Postponed to the day before we had to leave, the good news is that the verdict, coming from three different judges, divided the land into three parts for the three disputing parties (1/3 to the Hindus, 1/3 to the Muslims, 1/3 to the wrestling group that used to have property on the land) fair and even. However, since the tension was palatable–you could almost sense the city and the country breathing in relief as the decision was read. And so…business went on as usual.

And by usual I mean last minute visits to relatives, collecting clothing post-alteration, and my favorite activity whenever I visit the other city that never sleeps–bangle shopping! Like fabric shopping the rows and rows of colorful bangles provide so much potential for pretty, and is also a highly valued art form. You walk in, give your price point and the bangle vendors put the set’s together according to the outfit’s they match up with. Super fun. Check out this video at Priya Bangles (Yes, I do think its funny that the store has the same name as me).

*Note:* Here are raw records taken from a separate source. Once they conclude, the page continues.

(* In any $(m_A,m_B,2,2)$-scenario, every unbiased quantum behavior is a Gram-Lorentz behavior.
   Context: In an $(m_A,m_B,o_A,o_B)$-scenario a behavior is a vector $\mathbf{p}=(p(ab|xy))$ indexed by $a\in[o_A]$, $b\in[o_B]$, $x\in[m_A]$, $y\in[m_B]$ (for $o_A=o_B=2$ the outcomes are labelled $a,b\in\{\pm1\}$). It is quantum if there exist $d\ge1$, a Hermitian positive semidefinite trace-one matrix $\rho$ on $\mathbb{C}^d\otimes\mathbb{C}^d$, and for each $x$ Hermitian psd $d\times d$ matrices $\{M_{a|x}\}_a$ with $\sum_aM_{a|x}=I_d$, and for each $y$ Hermitian psd $d\times d$ matrices $\{N_{b|y}\}_b$ with $\sum_bN_{b|y}=I_d$, such that $p(ab|xy)=\mathrm{Tr}((M_{a|x}\otimes N_{b|y})\rho)$ for all $a,b,x,y$. For quantum behaviors the marginals $p_A(a|x):=\sum_bp(ab|xy)$ and $p_B(b|y):=\sum_ap(ab|xy)$ do not depend on $y$, resp. $x$; in the binary-outcome case $\mathbf{p}$ is unbiased if $p_A(a|x)=p_B(b|y)=1/2$ for all $a,b,x,y$. Let $N:=m_Ao_A+m_Bo_B$ and let $\mathcal{A}(\mathbf{p})$ be the set of real symmetric $N\times N$ matrices $R$ indexed by $([m_A]\times[o_A])\cup([m_B]\times[o_B])$ with $\sum_{a,a'}R_{xa,x'a'}=1$ for all $x,x'\in[m_A]$, $\sum_{a,b}R_{xa,yb}=1$ for all $x\in[m_A],y\in[m_B]$, $\sum_{b,b'}R_{yb,y'b'}=1$ for all $y,y'\in[m_B]$, and $R_{xa,yb}=p(ab|xy)$ for all $a,b,x,y$. With the Lorentz cone $\mathcal{L}_m:=\{(c,x)\in\mathbb{R}\times\mathbb{R}^{m-1}:c\ge\|x\|\}$, a matrix is Gram-Lorentz if it is the Gram matrix of vectors in some $\mathcal{L}_m$. A quantum behavior $\mathbf{p}$ is a Gram-Lorentz behavior if there exists a Gram-Lorentz matrix $R\in\mathcal{A}(\mathbf{p})$. *)

From HB Require Import structures.
From mathcomp Require Import all_boot all_order all_algebra.
From mathcomp Require Import complex mxtens.
From mathcomp Require Import reals.
Set Implicit Arguments. Unset Strict Implicit. Unset Printing Implicit Defensive.
Import Order.TTheory GRing.Theory Num.Theory.
Local Open Scope ring_scope.

(* A behavior in an (mA,mB,oA,oB)-scenario: p a b x y = p(ab|xy). *)
Definition behavior (R : realType) (mA mB oA oB : nat) :=
  'I_oA -> 'I_oB -> 'I_mA -> 'I_mB -> R.

Definition adjmx (R : realType) (m n : nat) (A : 'M[R[i]]_(m, n)) : 'M[R[i]]_(n, m) :=
  (map_mx Num.conj A)^T.

Definition hermitian (R : realType) (d : nat) (A : 'M[R[i]]_d) : Prop :=
  adjmx A = A.

Definition psd (R : realType) (d : nat) (A : 'M[R[i]]_d) : Prop :=
  hermitian A /\ forall v : 'cV[R[i]]_d, 0 <= (adjmx v *m A *m v) 0 0.

Definition density (R : realType) (d : nat) (rho : 'M[R[i]]_(d * d)) : Prop :=
  psd rho /\ \tr rho = 1.

Definition povm (R : realType) (d o : nat) (M : 'I_o -> 'M[R[i]]_d) : Prop :=
  (forall a, psd (M a)) /\ \sum_(a < o) M a = 1%:M.

Definition quantum_behavior (R : realType) (mA mB oA oB : nat)
  (p : behavior R mA mB oA oB) : Prop :=
  exists (d : nat) (rho : 'M[R[i]]_(d * d))
         (M : 'I_mA -> 'I_oA -> 'M[R[i]]_d) (N : 'I_mB -> 'I_oB -> 'M[R[i]]_d),
    [/\ (0 < d)%N, density rho, (forall x, povm (M x)), (forall y, povm (N y)) &
      forall a b x y, real_complex R (p a b x y) = \tr ((M x a *t N y b) *m rho)].

Definition unbiased (R : realType) (mA mB : nat) (p : behavior R mA mB 2 2) : Prop :=
  (forall a x y, \sum_(b < 2) p a b x y = 2^-1) /\
  (forall b x y, \sum_(a < 2) p a b x y = 2^-1).

Definition idx (mA mB oA oB : nat) : finType :=
  (('I_mA * 'I_oA) + ('I_mB * 'I_oB))%type.

Definition in_A (R : realType) (mA mB oA oB : nat) (p : behavior R mA mB oA oB)
  (Rm : idx mA mB oA oB -> idx mA mB oA oB -> R) : Prop :=
  [/\ (forall i j, Rm i j = Rm j i),
      (forall x x' : 'I_mA,
          \sum_(a < oA) \sum_(a' < oA) Rm (inl (x, a)) (inl (x', a')) = 1),
      (forall (x : 'I_mA) (y : 'I_mB),
          \sum_(a < oA) \sum_(b < oB) Rm (inl (x, a)) (inr (y, b)) = 1),
      (forall y y' : 'I_mB,
          \sum_(b < oB) \sum_(b' < oB) Rm (inr (y, b)) (inr (y', b')) = 1) &
      (forall a b x y, Rm (inl (x, a)) (inr (y, b)) = p a b x y)].

Definition lorentz (R : realType) (k : nat) (v : 'rV[R]_k.+1) : Prop :=
  Num.sqrt (\sum_(i < k) v 0 (lift ord0 i) ^+ 2) <= v 0 ord0.

Definition gram_lorentz (R : realType) (T : finType) (Rm : T -> T -> R) : Prop :=
  exists (k : nat) (v : T -> 'rV[R]_k.+1),
    (forall t, lorentz (v t)) /\
    forall s t, Rm s t = \sum_(l < k.+1) v s 0 l * v t 0 l.
(* Let $\varphi$ be a timelike ruled surface of type $M^1_+$ in $\mathbb{R}^3_1$ and let the ruled surface $\varphi^*$ of type $M^2_+$ be a Mannheim offset of $\varphi$. Let $\varphi_{h^*}$ and $\varphi_{a^*}$ be the trajectory ruled surfaces generated by the vectors $\vec h^*$ and $\vec a^*$ of $\varphi^*$. Then (a) $\varphi_{h^*}$ is a Bertrand offset of $\varphi$; (b) $\varphi_{a^*}$ is a Mannheim offset of $\varphi$.
   Context: Work in Minkowski 3-space $\mathbb{R}^3_1$ with $\langle x,y\rangle=-x_1y_1+x_2y_2+x_3y_3$, $\|x\|=\sqrt{|\langle x,x\rangle|}$, and Lorentzian cross product $x\times y=(x_2y_3-x_3y_2,\,x_1y_3-x_3y_1,\,x_2y_1-x_1y_2)$. A ruled surface is $\varphi(s,v)=\vec c(s)+v\vec q(s)$ with $\vec q$ a unit non-null vector field, $d\vec q/ds$ non-null, and $\vec c$ the striction curve ($\langle d\vec q/ds,d\vec c/ds\rangle=0$). Its Frenet frame $\{\vec q,\vec h,\vec a\}$ has central normal $\vec h=\frac{d\vec q/ds}{\|d\vec q/ds\|}$ and asymptotic normal $\vec a=\frac{(d\vec q/ds)\times\vec q}{\|d\vec q/ds\|}$. Type $M^1_+$: $\vec q$ and $\vec h$ spacelike (a timelike surface); type $M^2_+$: $\vec h$ timelike, $\vec q$ and $d\vec q/ds$ spacelike (a spacelike surface). A ruled surface $\varphi^*(s,v)=\vec c^*(s)+v\vec q^*(s)$ with Frenet frame $\{\vec q^*,\vec h^*,\vec a^*\}$ is a Mannheim offset of a ruled surface $\varphi$ if there is a one-to-one correspondence between their rulings such that the asymptotic normal of $\varphi$ is (up to sign) the central normal of $\varphi^*$, i.e. $\vec h^*=\vec a$; it is a Bertrand offset of $\varphi$ if there is a one-to-one correspondence between their rulings such that their central normals coincide (up to sign). Here $\vec c^*=\vec c+R\vec a$ and, with $\theta$ the angle between $\vec q$ and $\vec q^*$, $\vec q^*=\cos\theta\,\vec q+\sin\theta\,\vec h$, $\vec a^*=\sin\theta\,\vec q-\cos\theta\,\vec h$. The trajectory ruled surfaces are $\varphi_{h^*}(s,v)=\vec c^*(s)+v\vec h^*(s)$ and $\varphi_{a^*}(s,v)=\vec c^*(s)+v\vec a^*(s)$. *)

From Stdlib Require Import Reals.
From Coquelicot Require Import Coquelicot.
Open Scope R_scope.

My trip ended in the same way it progressed, with a mad rush. My cousin got stuck in traffic so I ended up going to the airport three hours before I needed to for a 1:45 am flight. I ended up getting into a great conversation about World Cup Soccer and American Sports with a South African-Indian family (4th generation South African, whose history in South Africa began with indentured servitude for the British).  I also got to take a quick break in London (six hour layover) to visit some cousins for breakfast (Giraffe in Richmond–two thumbs up).

Back to the story. I did learn something about my family while I was in India. My grandmother told me about her father and how he made his way up in the world–taking care of everyone around him and how to this day his name is respected. I also learned that my family is full of singers, and are talented in many, many, ways that I never expected.  It was a great three weeks–and I came away with more than just clothes. I came back full of memories.

Click here to view the full photo album from the trip.

One of the great things about India is that it is a place you have to experience. I can describe how we get from one place to another—squeezing into a rickshaw in damp heat, or the terror I have in crossing the street—especially when cars don’t maintain lanes…but it’s not the same as being here. However, the last few days have been a hodgepodge of new experiences, though I will report that I am no closer to getting information out of my grandmother than I was five days ago despite having an excellent birthday party, with some amazing images from her past, present and future (great-grand kids who are absolutely adorable).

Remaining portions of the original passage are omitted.